明るい送電鉄塔の在るピークから、引き続き尾根を辿り、樹林帯に入って鬱蒼とした雰囲気になったと思ったらハイカーたちの声が聞こえてきた。小床集落経由で子の権現に向かう登山道に合流した処が、昭文社登山地図に記載の天寺十二丁目石だった。天寺は子の権現の別名と云うか本名と云えばよいのか、天竜寺を略したものと思われる。大勢のグループが通過したのを見届けてから、ザックを置いて休憩した。此の地点から、登山道をクロスして続く尾根道が続いている。倒木の破片で通行止めを表現しているが、我々は構わずに踏み込む。昭文社登山地図では赤い破線で記されている。

枯木の藪が散見する踏跡が順調に勾配を上げていく。やがて前方からハイカーが下山してきた。挨拶を交わしながら、高齢の男女グループの方々が、此の先はとてもではないが登れないと云った。子の権現に向かう途上で引き返してきたようであった。でも、若い人なら大丈夫かもね、とひとりの女性が云った。我々は当然の如く直進を続けた。程無く、踏路が突き当たったように急斜面が聳えているのが見えた。

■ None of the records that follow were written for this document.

Lemma rec_holds_isolated k : (3 <= k)%nat ->
  (1 - sigma * tau) * c (S k)
  = (theta - eta * t) * c k
    + (t + tau) * (2 * c (k - 1)%nat + inner_conv c k
                   + eta * (2 * c k + inner_conv c (S k)) + sigma * inner_conv c (S (S k))).
Proof.
  intros Hk. pose proof (Hrec k ltac:(lia)) as Hk_rec. unfold rec_holds in Hk_rec.
  destruct k as [|k]; [lia|]. replace (S k - 1)%nat with k in * by lia.
  assert (E1 : rsum 1 k (fun j => c j * c (S k - j)%nat) = 2 * c k + inner_conv c (S k)).
  { replace k with (S k - 1)%nat at 1 by lia.
    rewrite rsum_conv_split, Hc1 by lia. replace (S k - 1)%nat with k by lia. ring. }
  assert (E2 : rsum 0 k (fun j => c (S j) * c (S k - j)%nat)
               = 2 * c (S k) + inner_conv c (S (S k))).
  { transitivity (rsum 1 (S k) (fun j => c j * c (S (S k) - j)%nat));
      [rewrite <- rsum_shift; reflexivity|].
    replace (S k) with (S (S k) - 1)%nat at 1 by lia.
    rewrite rsum_conv_split, Hc1 by lia. replace (S (S k) - 1)%nat with (S k) by lia. ring. }
  assert (E3 : rsum 0 k (fun j => c (S (S j)) * c (S k - j)%nat)
               = inner_conv c (S (S (S k))) + c (S (S k))).
  { transitivity (rsum 2 (S (S k)) (fun j => c j * c (S (S (S k)) - j)%nat));
      [rewrite <- !rsum_shift; reflexivity|].
    rewrite rsum_last by lia. unfold inner_conv.
    replace (S (S (S k)) - S (S k))%nat with 1%nat by lia. rewrite Hc1.
    replace (S (S (S k)) - 2)%nat with (S k) by lia. ring. }
  rewrite E1, E2, E3 in Hk_rec.
  assert (Hd : 0 < 1 + sigma * t) by nra.
  set (x := c (S (S k))) in *.
  assert (Hx : (1 + sigma * t) * x
               = (theta - eta * t) * c (S k)
                 + (t + tau) * (2 * c k + inner_conv c (S k)
                                + eta * (2 * c (S k) + inner_conv c (S (S k)))
                                + sigma * (inner_conv c (S (S (S k))) + x)))
    by (rewrite Hk_rec at 1; field; lra).
  lra.
Qed.
(* By part 2 and exchangeability, c_N = E[sum_i X_i(X_i - 1)/(S(S - 1))]. *)
Lemma coal_prob_sum : (1 < N)%N ->
  coal_prob N p = (\esum_(x in [set: {ffun 'I_N -> nat}])
                     (config_prob x * \sum_i pair_frac x i)%:E)%E.
Proof.
move=> N1; pose i0 : 'I_N := Ordinal (ltnW N1).
have exchange i :
  (\esum_(x in [set: {ffun 'I_N -> nat}]) (config_prob x * pair_frac x i0)%:E
   = \esum_(x in [set: {ffun 'I_N -> nat}]) (config_prob x * pair_frac x i)%:E)%E.
  rewrite -(@esum_config_perm R N p (tperm i0 i) (pair_frac ^~ i)).
  by apply: eq_esum => x _; rewrite /pair_frac sum_offspring_perm ffunE tpermR.
rewrite coal_prob_eq // cannings_E_fun //.
have frac0 (x : {ffun 'I_N -> nat}) :
    (indiv x 0 * (indiv x 0).-1)%:R / (sum_offspring x * (sum_offspring x).-1)%:R
    = pair_frac x i0 by rewrite /pair_frac -(@indiv_ord N x i0).
under eq_esum do rewrite frac0.
transitivity (\sum_(i < N) \esum_(x in [set: {ffun 'I_N -> nat}])
                             (config_prob x * pair_frac x i)%:E)%E.
  by rewrite mule_natl -(eq_bigr _ (fun i _ => exchange i)) sumr_const card_ord.
rewrite -esum_sum; last first.
  by move=> x i _ _; rewrite lee_fin mulr_ge0 ?config_prob_ge0 ?divr_ge0.
by apply: eq_esum => x _; rewrite sumEFin mulr_sumr.
Qed.

Lemma pair_frac_lower x : (1 < N)%N -> config_prob x != 0 ->
  (\sum_i (1 < x i))%:R / (2 * N * N)%:R <= \sum_i pair_frac x i.
Proof.
move=> N1 px; have [xpos SN] := @config_prob_supp R N p p0 x px.
have D_gt0 : 0 < (sum_offspring x * (sum_offspring x).-1)%:R :> R.
  rewrite ltr0n muln_gt0 -subn1 subn_gt0 (leq_trans N1 SN).
  by rewrite (leq_trans (ltnW N1) SN).
have E_gt0 : 0 < (2 * N * N)%:R :> R by rewrite ltr0n !muln_gt0 (ltnW N1).
rewrite /pair_frac -mulr_suml -natr_sum ler_pdivrMr // mulrAC ler_pdivlMr //.
by rewrite -!natrM ler_nat [X in (_ <= X)%N]mulnC count_mul_pairs_le.
Qed.

(* E[#{i | X_i >= 2}] = N P(X_1 >= 2), by linearity and the marginal law. *)
Lemma expected_count_ge2 :
  (\esum_(x in [set: {ffun 'I_N -> nat}])
     (config_prob x * (\sum_i (1 < x i))%:R)%:E = N%:R%:E * prob_ge2 p)%E.
Proof.
under eq_esum do rewrite natr_sum mulr_sumr -sumEFin.
rewrite esum_sum; last first.
  by move=> x i _ _; rewrite lee_fin mulr_ge0 ?config_prob_ge0.
under eq_bigr do rewrite marginal_ge2.
by rewrite sumr_const card_ord mule_natl.
Qed.

(* Part 3: c_N >= P(X_1 >= 2)/(2N) >= P(X_1 >= 2)^2/(2N). *)
Lemma coal_prob_lower : (1 < N)%N ->
  ((prob_ge2 p * prob_ge2 p) * ((2 * N)%:R^-1)%:E <= coal_prob N p)%E.
Proof.
move=> N1; have [P PE /andP[P_ge0 P_le1]] := prob_ge2_fin.
set E := (2 * N * N)%N.
have E_gt0 : 0 < E%:R :> R by rewrite ltr0n !muln_gt0 (ltnW N1).
have count_le : (\esum_(x in [set: {ffun 'I_N -> nat}])
    (config_prob x * ((\sum_i (1 < x i))%:R / E%:R))%:E <= coal_prob N p)%E.
  rewrite coal_prob_sum //; apply: le_esum => x _; rewrite lee_fin.
  have [/eqP -> | px] := boolP (config_prob x == 0); first by rewrite !mul0r.
  by rewrite ler_wpM2l ?config_prob_ge0 ?pair_frac_lower.
apply: le_trans count_le.
under eq_esum do rewrite mulrA EFinM.
rewrite esumZr; last 2 first.
- by rewrite invr_ge0 ltW.
- by move=> x; rewrite lee_fin mulr_ge0 ?config_prob_ge0.
rewrite expected_count_ge2 PE -!EFinM lee_fin.
have -> : N%:R * P / E%:R = P / (2 * N)%:R.
  by rewrite /E !natrM; field; rewrite pnatr_eq0 -lt0n (ltnW N1).
by rewrite ler_wpM2r ?invr_ge0 // ler_piMr.
Qed.

End CoalescenceBound.

Theorem lemma2p2 (R : realType) (N : nat) (p : nat -> R) :
  offspring_law p ->
  (forall (r : nat) (k : 'I_r -> nat),
     (forall j, 2 <= k j)%N -> (\sum_j k j < N)%N ->
     (@cannings_E R N p (fun x n => (\prod_(j < r) (indiv n j) ^_ (k j))%:R%:E)
        * ((N ^_ (\sum_j k j))%:R^-1)%:E
      = @cannings_E R N p (fun x n =>
          ((\prod_(j < r) (indiv x j) ^_ (k j))%:R
           / ((sum_offspring x) ^_ (\sum_j k j))%:R)%:E))%E)
  /\ ((1 < N)%N ->
      @coal_prob R N p
      = (N%:R%:E * @cannings_E R N p (fun x n =>
          ((indiv x 0 * (indiv x 0).-1)%:R
           / (sum_offspring x * (sum_offspring x).-1)%:R)%:E))%E)
  /\ ((1 < N)%N ->
      ((prob_ge2 p * prob_ge2 p) * ((2 * N)%:R^-1)%:E <= @coal_prob R N p)%E).
Proof.
move=> law; have [p_ge0 p0 _] := law.
split=> [r k k_ge2 KN|]; last first.
  by split; [exact: coal_prob_eq | exact: coal_prob_lower].
(* Each k_j >= 1, so r <= K < N. *)
have r_le_K : (r <= \sum_j k j)%N.
  rewrite -[r in (r <= _)%N]card_ord -sum1_card.
  by apply: leq_sum => j _; exact: leq_trans (k_ge2 j).
by apply: factorial_moment_identity; rewrite // ltnW // (leq_ltn_trans r_le_K).
Qed.
Theorem proposition6p1 (R : realType) (q s : R[i]) :
  `|q| = 1 -> q != 1 -> q != -1 -> q != 'i -> q != - 'i ->
  s ^+ 2 = q ->
  (forall d : nat, (0 < d)%N -> q ^+ (2 * d) != 1) ->
  ~ inv_fin_gen s.
Proof.
move=> q_norm1 _ _ _ _ sq q_nonroot [S [S_inv S_gen]].
have s_neq0 : s != 0.
  apply/eqP => s0; move: q_norm1; rewrite -sq s0 expr0n /= normr0 => /esym/eqP.
  by rewrite oner_eq0.
have s_nonroot k : (0 < k)%N -> s ^+ k != 1.
  move=> k_gt0; apply: contra (q_nonroot k k_gt0) => /eqP sk1.
  by rewrite -sq -exprM mulnA mulnC exprM sk1 expr1n.
have [N S_vanish] := fsupp_seq_bound (fun f Sf => (S_inv f Sf).1).
have S_bal g (Sg : List.In g S) : bal_supported g.
  by have [_ [_ [_ Kg]]] := S_inv g Sg; apply: Kop_fixed_bal_supported Kg.
have S_anbn g (Sg : List.In g S) : g (anbn N.+1) = 0.
  by apply: (S_vanish g Sg); rewrite size_anbn; lia.
have := gen_vanish_anbn S_bal (ltn0Sn N) S_anbn (S_gen _ (invn_invariant s_neq0 N.+1)).
by rewrite invn_anbn; apply/eqP; rewrite oner_eq0.
Qed.
Section Proposition5p7.
Variables (R : realType) (g k : nat).
Local Notation C := R[i].
Variables (kappa beta lambda : 'I_g.+1 -> C).
Hypotheses (k_le_g : (k <= g)%N) (kappa_inj : injective kappa).
Hypotheses (beta_neq0 : forall j, beta j != 0) (lambda_neq0 : forall j, lambda j != 0).

Local Notation w := (widen_ord (leqW k_le_g)).
Let node (a : 'I_k) : C := kappa (w a).

Lemma node_inj : injective node.
Proof. by move=> a b /kappa_inj /(congr1 val) /= /val_inj. Qed.

Lemma kappa_sub_neq0 (x y : 'I_g.+1) : x != y -> kappa x - kappa y != 0.
Proof. by rewrite subr_eq0 (inj_eq kappa_inj). Qed.

Lemma matA_colsub : colsub w (matA k kappa beta) = 1%:M.
Proof. by apply/matrixP => i a; rewrite !mxE /= ltn_ord. Qed.

Lemma matAt_entry i j : matAt k kappa lambda i j = lambda j * kappa j ^+ i.
Proof. by rewrite /matAt mul_mx_diag !mxE mulrC. Qed.

Lemma matAt_colsub : colsub w (matAt k kappa lambda) =
  Vandermonde k (\row_a node a) *m diag_mx (\row_a lambda (w a)).
Proof. by apply/matrixP => i a; rewrite mul_mx_diag [LHS]mxE matAt_entry !mxE mulrC. Qed.

Lemma matAt_colsub_unit : colsub w (matAt k kappa lambda) \in unitmx.
Proof.
rewrite matAt_colsub unitmx_mul (Vandermonde_unit node_inj) unitmxE det_diag.
by rewrite unitfE; apply/prodf_neq0 => a _; rewrite mxE.
Qed.

Lemma matA_right_block (a : 'I_k) (j : 'I_g.+1) : ~~ (j < k)%N ->
  matA k kappa beta a j =
  beta (w a) / (beta j * (kappa j - node a) ^+ 2) / lagrange_at node a (kappa j).
Proof.
have inord_a : inord a = w a.
  by apply: val_inj; rewrite /= inordK // (leq_trans (ltn_ord a)) // leqW.
move=> ge_jk; rewrite mxE (negbTE ge_jk) inord_a /lagrange_at invf_div.
rewrite /nodal_except -prodf_div; congr (_ * _).
rewrite (eq_bigl (fun l : 'I_g.+1 => (l != a :> nat) && (l < k)%N)); last first.
  by move=> l; rewrite andbC.
by rewrite (big_ord_narrow_cond (leqW k_le_g)); apply: eq_bigl.
Qed.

此れはおばあさんたちには無理だろう。木に摑まり、ロードメジャーを引き摺りながら登っている私の背後でkz氏が云った。斜面は手を使わなければ登れない程の急傾斜だった。子の権現から東北東に延びる尾根の途上の小ピークの側面を、無理矢理に攀じ登っている恰好だった。漸く登り詰めた処が、地形図に示されている465mピークで、帰途に辿る予定である、小床峠から吉田山に至る尾根の途上に在る場所だった。其の儘進路を西に転換して、先程の登山道と合流した。少しの登りで車道に合流した。舗装路の日陰の箇所は随所で凍結しているので、自転車で下降してくる人々が慌てて減速して立ち往生している。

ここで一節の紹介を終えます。